What you will do.
Your answer should be one number: the count of lines in the records that include the word "unsplitK".

»»

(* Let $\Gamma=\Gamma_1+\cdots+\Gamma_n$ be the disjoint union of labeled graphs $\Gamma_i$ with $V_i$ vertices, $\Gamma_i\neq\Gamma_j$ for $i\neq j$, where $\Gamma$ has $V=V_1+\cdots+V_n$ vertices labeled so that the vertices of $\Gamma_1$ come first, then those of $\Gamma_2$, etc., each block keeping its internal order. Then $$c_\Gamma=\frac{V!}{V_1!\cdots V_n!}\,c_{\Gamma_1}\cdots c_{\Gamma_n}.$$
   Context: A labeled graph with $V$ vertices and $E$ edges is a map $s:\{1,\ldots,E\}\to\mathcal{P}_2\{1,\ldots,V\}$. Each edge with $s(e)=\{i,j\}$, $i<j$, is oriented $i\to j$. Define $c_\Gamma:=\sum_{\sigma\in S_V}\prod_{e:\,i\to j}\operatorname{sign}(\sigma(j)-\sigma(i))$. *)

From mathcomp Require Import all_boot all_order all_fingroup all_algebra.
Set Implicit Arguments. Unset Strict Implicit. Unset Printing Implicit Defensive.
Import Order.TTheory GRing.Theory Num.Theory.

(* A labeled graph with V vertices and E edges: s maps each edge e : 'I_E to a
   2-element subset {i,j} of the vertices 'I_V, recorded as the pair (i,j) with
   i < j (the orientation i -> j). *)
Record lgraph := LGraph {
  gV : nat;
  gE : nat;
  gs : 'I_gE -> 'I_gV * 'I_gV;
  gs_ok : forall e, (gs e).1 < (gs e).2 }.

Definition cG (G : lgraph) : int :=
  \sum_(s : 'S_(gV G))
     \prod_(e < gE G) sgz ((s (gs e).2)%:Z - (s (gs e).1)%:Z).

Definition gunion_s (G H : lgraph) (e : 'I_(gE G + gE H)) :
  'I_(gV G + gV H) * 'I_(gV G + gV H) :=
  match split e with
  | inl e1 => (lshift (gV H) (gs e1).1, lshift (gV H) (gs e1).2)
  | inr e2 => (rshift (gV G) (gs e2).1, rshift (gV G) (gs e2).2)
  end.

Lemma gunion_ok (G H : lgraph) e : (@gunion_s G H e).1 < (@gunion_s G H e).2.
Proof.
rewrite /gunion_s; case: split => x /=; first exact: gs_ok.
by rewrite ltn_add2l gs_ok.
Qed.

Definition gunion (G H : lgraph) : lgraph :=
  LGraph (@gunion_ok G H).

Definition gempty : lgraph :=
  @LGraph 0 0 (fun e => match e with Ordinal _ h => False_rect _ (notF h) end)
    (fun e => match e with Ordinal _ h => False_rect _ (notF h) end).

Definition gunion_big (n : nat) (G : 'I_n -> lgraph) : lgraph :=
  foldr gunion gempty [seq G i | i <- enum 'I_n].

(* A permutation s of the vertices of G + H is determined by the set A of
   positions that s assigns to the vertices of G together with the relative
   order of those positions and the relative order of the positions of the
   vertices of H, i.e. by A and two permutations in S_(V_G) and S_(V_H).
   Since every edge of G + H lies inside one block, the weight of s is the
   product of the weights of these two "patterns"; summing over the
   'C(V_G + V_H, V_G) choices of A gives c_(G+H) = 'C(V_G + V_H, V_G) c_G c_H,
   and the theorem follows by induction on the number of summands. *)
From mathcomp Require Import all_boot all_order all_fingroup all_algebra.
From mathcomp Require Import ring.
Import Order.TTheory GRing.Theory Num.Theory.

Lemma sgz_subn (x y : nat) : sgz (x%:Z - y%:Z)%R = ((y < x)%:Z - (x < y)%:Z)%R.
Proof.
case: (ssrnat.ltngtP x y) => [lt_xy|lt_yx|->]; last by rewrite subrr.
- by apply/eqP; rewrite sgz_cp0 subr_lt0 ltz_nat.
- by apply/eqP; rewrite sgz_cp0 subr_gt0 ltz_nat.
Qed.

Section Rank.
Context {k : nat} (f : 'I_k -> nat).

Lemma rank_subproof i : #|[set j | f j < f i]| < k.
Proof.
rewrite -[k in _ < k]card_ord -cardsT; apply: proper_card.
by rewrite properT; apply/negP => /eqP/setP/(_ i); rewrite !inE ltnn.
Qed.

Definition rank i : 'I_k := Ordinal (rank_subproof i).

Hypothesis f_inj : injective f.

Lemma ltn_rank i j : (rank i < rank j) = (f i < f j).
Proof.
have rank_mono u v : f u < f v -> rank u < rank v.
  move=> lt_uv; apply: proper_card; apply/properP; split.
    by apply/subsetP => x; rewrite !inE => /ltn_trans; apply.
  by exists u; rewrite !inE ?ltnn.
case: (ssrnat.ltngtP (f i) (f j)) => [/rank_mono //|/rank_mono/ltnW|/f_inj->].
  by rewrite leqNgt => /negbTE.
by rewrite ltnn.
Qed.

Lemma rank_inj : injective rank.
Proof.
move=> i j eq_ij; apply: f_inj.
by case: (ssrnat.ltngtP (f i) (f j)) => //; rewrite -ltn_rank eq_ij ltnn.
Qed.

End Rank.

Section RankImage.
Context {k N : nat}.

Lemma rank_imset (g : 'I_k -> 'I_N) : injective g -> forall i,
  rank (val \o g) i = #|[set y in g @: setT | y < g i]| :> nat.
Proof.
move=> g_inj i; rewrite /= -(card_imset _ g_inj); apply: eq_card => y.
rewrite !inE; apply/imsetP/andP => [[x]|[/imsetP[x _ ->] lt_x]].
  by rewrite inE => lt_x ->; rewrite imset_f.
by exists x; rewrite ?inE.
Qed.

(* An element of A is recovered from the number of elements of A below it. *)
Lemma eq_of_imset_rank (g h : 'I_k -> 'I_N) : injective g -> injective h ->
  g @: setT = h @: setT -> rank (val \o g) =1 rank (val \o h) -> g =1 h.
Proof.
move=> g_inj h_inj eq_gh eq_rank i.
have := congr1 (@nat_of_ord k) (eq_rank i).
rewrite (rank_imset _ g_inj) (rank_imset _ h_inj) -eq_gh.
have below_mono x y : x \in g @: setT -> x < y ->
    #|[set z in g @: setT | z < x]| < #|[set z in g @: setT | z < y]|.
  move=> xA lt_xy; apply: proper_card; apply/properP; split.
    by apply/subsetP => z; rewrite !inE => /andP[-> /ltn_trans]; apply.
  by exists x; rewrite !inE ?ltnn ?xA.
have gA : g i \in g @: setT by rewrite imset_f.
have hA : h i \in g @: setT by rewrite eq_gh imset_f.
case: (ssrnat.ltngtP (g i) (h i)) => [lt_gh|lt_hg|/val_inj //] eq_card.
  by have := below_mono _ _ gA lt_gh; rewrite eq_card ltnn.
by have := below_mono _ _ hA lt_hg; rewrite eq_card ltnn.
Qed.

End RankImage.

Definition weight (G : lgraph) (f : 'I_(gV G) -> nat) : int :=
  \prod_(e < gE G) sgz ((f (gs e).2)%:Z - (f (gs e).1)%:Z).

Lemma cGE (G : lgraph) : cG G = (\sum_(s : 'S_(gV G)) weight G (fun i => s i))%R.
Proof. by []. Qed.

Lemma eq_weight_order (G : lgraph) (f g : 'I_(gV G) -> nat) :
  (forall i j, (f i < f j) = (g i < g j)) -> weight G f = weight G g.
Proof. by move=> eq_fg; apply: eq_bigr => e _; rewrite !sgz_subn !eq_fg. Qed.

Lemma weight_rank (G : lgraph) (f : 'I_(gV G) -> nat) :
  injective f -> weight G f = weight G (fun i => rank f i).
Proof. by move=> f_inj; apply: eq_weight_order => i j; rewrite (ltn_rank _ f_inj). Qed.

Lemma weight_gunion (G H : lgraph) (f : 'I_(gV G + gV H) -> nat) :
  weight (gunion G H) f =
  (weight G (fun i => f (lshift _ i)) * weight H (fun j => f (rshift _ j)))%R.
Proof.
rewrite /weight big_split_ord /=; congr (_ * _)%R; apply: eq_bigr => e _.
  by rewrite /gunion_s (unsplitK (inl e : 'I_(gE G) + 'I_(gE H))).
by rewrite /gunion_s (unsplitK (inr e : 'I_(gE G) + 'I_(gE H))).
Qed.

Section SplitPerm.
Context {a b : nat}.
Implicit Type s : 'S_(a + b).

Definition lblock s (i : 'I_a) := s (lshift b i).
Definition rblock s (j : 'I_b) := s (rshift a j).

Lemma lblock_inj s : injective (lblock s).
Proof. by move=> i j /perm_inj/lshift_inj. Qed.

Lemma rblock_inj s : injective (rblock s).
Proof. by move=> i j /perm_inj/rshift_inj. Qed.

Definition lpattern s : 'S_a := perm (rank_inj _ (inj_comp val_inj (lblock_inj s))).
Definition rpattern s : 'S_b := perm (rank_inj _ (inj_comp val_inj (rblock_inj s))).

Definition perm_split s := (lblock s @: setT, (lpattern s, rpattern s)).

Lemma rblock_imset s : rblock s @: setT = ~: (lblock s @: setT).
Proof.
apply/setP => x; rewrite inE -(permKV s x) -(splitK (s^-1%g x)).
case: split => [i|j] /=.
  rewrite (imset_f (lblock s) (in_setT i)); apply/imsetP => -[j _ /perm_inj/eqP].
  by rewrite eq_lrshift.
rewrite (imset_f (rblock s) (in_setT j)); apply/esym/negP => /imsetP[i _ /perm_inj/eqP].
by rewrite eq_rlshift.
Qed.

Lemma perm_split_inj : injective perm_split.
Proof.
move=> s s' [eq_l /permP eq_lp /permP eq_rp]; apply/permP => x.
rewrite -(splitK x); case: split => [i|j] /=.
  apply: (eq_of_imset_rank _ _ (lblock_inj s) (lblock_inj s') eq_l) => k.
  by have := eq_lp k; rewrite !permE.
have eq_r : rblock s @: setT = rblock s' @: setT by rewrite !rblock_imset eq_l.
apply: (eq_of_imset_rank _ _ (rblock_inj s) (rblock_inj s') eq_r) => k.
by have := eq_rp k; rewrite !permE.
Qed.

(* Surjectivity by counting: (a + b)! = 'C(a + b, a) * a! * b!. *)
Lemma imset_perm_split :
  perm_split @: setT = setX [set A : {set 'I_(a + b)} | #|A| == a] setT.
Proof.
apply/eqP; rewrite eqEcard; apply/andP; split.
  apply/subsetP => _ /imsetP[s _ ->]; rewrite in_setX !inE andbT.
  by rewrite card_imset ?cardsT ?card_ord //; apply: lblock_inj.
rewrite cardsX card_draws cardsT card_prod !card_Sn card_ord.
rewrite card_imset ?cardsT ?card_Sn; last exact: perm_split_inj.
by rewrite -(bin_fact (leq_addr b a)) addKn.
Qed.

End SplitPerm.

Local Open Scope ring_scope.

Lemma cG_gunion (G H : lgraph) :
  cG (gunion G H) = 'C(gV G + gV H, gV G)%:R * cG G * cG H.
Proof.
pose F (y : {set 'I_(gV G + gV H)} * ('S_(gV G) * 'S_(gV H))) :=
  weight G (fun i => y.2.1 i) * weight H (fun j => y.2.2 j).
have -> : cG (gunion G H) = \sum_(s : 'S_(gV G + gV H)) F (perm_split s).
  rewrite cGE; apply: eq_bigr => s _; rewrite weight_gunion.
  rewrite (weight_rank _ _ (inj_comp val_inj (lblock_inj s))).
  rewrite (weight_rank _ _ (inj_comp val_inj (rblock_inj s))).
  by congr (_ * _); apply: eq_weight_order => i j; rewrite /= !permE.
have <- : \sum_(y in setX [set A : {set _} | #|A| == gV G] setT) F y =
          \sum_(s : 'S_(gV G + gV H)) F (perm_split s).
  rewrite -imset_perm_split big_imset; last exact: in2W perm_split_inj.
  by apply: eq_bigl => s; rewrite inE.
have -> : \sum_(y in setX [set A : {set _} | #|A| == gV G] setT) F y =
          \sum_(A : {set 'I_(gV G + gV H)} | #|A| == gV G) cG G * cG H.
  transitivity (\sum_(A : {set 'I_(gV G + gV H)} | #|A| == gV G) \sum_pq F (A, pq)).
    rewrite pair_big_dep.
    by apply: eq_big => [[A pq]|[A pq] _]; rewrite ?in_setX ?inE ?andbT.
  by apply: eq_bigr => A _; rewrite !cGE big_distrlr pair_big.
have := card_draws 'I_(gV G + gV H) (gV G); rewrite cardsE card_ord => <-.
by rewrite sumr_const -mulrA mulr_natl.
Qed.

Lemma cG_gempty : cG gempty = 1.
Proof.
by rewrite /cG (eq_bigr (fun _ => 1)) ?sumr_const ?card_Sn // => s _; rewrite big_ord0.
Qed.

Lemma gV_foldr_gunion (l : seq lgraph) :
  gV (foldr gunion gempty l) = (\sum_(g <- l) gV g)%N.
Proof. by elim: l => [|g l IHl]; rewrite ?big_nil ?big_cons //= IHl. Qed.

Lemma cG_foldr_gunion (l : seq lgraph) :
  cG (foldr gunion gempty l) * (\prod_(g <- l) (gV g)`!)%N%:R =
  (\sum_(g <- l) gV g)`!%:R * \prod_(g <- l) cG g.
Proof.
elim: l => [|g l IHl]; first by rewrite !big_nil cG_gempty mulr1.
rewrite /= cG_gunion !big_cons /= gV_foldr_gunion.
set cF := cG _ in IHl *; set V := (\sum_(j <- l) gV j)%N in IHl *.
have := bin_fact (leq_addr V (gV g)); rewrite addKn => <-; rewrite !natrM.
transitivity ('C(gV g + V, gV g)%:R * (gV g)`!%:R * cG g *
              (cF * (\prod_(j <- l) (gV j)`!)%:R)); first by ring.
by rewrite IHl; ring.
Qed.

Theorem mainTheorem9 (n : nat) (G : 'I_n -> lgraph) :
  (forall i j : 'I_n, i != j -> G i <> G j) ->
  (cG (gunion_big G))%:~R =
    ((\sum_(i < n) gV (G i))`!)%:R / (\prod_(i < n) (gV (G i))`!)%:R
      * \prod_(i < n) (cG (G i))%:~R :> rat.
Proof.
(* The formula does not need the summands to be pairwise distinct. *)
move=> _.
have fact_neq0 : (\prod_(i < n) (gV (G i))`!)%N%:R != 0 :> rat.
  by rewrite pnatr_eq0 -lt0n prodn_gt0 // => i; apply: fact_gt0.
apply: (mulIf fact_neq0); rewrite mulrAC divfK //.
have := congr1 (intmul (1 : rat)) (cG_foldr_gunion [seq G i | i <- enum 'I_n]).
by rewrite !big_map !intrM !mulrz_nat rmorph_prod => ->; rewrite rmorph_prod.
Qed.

««
»»

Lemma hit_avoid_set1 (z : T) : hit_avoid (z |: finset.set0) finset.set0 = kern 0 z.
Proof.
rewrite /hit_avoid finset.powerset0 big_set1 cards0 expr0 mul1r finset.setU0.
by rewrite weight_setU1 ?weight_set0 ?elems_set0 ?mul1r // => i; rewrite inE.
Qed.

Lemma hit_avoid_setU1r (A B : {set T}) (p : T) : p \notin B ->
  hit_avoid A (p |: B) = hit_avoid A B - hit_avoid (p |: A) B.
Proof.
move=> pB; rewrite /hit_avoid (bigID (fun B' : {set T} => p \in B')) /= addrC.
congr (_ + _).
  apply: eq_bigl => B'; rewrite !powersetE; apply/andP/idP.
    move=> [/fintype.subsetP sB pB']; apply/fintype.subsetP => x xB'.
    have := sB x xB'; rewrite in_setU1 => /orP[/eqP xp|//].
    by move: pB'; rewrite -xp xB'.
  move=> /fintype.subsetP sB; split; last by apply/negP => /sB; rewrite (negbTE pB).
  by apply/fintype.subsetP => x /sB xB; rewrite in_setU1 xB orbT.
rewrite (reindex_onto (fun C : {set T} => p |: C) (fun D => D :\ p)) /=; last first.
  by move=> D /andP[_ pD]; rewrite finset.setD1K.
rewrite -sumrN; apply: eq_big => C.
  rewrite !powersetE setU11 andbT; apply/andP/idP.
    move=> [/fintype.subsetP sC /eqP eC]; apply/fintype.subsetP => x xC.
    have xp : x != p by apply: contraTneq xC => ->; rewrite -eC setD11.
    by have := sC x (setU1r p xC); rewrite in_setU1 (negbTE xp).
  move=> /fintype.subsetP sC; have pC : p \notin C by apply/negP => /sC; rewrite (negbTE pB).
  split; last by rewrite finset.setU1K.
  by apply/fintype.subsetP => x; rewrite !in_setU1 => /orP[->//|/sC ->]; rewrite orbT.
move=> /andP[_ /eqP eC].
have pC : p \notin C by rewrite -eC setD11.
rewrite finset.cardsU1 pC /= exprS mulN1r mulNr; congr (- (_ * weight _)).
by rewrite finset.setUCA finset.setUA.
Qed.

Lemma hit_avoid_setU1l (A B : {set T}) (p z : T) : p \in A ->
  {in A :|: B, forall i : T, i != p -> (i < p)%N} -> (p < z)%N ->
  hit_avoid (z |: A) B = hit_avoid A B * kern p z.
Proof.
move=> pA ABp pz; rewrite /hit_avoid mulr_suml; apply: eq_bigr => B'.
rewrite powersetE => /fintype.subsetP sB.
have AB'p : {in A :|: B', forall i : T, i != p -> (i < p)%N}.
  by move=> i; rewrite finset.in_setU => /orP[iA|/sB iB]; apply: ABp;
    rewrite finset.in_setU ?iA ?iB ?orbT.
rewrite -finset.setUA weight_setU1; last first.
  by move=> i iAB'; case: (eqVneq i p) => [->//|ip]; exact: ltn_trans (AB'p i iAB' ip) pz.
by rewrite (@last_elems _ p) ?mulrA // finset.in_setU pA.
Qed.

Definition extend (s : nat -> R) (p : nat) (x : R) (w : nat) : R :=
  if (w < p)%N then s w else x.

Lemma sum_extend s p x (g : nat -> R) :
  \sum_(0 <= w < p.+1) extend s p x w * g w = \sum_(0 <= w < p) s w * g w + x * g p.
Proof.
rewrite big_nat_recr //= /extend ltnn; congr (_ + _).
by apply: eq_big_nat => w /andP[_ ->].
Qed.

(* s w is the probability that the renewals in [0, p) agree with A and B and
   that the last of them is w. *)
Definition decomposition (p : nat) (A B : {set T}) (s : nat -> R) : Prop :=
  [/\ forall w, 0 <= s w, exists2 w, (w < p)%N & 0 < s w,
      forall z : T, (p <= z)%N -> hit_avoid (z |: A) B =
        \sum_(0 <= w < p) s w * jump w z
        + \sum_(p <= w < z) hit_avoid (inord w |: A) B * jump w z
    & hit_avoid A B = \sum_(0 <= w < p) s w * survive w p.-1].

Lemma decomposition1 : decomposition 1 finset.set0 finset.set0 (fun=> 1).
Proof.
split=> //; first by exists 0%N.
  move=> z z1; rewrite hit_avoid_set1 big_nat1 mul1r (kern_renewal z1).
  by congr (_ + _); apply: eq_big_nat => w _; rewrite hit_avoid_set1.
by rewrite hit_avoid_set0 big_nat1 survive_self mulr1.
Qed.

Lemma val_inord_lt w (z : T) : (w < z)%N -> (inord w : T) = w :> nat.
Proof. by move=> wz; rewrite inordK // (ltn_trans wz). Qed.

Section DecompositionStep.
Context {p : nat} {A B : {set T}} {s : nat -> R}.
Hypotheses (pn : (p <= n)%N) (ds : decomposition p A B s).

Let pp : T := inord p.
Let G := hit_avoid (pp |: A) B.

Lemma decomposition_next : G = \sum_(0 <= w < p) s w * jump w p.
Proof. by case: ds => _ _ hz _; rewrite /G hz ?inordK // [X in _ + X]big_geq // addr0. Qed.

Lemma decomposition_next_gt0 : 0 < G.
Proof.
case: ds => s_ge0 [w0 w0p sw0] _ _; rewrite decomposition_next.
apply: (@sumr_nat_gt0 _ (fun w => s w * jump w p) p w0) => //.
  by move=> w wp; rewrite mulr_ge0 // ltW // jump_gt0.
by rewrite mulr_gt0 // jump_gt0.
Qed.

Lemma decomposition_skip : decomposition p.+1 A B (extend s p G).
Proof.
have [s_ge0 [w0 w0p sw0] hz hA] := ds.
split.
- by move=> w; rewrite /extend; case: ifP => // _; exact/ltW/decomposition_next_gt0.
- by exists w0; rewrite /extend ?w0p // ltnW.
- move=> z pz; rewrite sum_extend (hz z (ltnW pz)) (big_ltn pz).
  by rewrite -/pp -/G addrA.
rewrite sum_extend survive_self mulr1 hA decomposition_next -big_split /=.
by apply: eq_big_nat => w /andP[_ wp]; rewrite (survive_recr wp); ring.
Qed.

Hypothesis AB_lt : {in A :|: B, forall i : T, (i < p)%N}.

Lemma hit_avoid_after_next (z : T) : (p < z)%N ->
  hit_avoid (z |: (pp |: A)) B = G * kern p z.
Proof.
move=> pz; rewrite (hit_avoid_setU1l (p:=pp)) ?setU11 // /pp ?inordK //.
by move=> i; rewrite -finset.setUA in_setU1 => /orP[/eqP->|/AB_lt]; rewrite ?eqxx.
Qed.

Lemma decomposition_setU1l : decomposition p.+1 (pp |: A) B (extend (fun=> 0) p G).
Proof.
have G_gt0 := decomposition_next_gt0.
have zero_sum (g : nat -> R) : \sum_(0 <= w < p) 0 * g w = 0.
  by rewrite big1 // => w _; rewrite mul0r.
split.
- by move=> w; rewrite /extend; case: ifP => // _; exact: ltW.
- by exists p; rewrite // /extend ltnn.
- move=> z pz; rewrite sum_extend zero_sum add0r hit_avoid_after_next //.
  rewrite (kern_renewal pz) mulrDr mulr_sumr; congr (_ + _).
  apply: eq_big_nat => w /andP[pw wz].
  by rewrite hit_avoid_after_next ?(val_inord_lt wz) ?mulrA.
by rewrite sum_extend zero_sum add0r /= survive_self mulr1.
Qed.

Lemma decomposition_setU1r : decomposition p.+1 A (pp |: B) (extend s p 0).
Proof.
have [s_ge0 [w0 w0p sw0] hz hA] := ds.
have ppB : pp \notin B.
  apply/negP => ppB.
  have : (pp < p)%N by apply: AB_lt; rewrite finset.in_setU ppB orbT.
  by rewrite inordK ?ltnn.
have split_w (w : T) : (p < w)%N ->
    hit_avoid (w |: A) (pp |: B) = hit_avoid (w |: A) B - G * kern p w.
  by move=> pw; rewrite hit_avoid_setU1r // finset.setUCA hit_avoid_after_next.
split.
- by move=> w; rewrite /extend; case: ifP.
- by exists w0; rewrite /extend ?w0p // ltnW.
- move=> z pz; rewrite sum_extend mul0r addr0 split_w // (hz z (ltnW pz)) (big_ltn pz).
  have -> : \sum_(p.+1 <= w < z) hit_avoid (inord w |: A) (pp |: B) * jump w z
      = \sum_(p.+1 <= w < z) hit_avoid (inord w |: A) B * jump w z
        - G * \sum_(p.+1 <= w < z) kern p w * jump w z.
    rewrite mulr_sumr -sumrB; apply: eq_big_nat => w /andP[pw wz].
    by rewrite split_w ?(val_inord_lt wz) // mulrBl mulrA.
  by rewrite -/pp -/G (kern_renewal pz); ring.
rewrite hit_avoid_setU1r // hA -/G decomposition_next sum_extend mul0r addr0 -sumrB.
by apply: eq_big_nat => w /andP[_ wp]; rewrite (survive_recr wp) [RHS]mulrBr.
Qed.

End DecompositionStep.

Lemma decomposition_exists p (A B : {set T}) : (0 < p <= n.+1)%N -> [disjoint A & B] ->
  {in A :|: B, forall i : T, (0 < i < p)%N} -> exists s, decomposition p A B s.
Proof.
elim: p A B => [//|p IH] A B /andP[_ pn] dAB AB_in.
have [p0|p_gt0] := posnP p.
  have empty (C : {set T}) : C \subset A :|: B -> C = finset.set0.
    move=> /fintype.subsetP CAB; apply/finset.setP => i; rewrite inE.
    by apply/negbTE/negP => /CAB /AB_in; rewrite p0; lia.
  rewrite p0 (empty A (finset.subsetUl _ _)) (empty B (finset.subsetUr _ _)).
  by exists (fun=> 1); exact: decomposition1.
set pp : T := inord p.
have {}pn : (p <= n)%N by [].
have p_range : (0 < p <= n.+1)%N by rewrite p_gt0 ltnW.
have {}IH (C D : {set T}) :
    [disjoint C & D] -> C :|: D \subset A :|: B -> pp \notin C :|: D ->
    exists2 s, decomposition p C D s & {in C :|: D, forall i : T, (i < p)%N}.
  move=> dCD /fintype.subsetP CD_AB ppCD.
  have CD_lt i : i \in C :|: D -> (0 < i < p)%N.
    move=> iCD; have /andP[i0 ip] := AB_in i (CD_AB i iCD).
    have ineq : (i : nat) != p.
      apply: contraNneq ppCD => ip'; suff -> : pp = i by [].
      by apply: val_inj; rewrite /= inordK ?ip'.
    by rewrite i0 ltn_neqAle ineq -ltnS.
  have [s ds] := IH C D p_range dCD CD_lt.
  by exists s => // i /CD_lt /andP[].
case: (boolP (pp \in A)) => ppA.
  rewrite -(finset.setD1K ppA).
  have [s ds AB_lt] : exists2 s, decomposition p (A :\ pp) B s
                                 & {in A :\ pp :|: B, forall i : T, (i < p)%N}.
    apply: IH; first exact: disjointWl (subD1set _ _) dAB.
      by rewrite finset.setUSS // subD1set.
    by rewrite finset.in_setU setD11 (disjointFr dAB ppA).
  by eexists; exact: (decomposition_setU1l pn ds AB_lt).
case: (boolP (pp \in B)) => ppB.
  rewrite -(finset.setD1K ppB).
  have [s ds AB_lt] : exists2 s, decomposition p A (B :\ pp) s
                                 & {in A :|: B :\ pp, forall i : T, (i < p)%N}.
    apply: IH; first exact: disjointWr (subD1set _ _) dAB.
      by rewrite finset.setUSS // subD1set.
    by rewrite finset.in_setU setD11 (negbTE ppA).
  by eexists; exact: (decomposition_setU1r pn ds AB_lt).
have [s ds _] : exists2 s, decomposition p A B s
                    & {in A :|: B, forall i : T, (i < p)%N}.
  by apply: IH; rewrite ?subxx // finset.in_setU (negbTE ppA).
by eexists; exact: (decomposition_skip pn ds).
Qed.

««
»»

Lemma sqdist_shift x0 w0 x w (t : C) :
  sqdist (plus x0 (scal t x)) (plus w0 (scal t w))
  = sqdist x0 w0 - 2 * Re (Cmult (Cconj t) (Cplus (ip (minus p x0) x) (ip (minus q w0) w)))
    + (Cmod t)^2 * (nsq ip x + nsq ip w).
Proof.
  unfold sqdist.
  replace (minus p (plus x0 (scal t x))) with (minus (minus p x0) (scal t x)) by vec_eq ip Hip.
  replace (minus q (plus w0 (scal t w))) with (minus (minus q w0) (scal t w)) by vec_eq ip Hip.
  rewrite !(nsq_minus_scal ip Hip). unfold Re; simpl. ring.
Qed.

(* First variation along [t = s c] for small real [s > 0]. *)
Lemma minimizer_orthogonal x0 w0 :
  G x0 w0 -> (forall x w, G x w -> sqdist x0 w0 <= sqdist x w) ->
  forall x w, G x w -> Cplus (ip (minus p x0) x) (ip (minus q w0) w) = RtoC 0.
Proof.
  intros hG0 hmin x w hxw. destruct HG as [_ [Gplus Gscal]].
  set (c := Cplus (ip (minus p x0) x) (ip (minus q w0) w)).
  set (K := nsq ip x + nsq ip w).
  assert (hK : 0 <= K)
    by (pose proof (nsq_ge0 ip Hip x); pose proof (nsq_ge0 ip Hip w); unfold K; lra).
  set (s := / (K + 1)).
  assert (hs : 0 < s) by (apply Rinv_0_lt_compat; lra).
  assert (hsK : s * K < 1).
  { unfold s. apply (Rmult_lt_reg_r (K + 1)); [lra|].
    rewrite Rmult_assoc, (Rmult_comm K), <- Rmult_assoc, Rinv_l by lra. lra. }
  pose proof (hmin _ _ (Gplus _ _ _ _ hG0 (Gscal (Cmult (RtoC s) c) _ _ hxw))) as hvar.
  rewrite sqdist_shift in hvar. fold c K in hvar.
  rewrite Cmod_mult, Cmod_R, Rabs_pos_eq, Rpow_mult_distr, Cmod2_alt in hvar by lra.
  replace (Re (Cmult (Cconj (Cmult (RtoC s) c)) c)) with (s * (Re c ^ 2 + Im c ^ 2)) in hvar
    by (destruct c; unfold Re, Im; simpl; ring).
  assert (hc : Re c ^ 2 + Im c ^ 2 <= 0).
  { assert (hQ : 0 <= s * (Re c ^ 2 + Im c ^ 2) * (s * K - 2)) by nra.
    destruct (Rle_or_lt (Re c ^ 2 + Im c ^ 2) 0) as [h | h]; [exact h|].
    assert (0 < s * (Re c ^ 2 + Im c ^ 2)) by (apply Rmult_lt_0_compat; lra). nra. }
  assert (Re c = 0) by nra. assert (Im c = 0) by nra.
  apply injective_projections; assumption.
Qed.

««

Solution for this problem.
2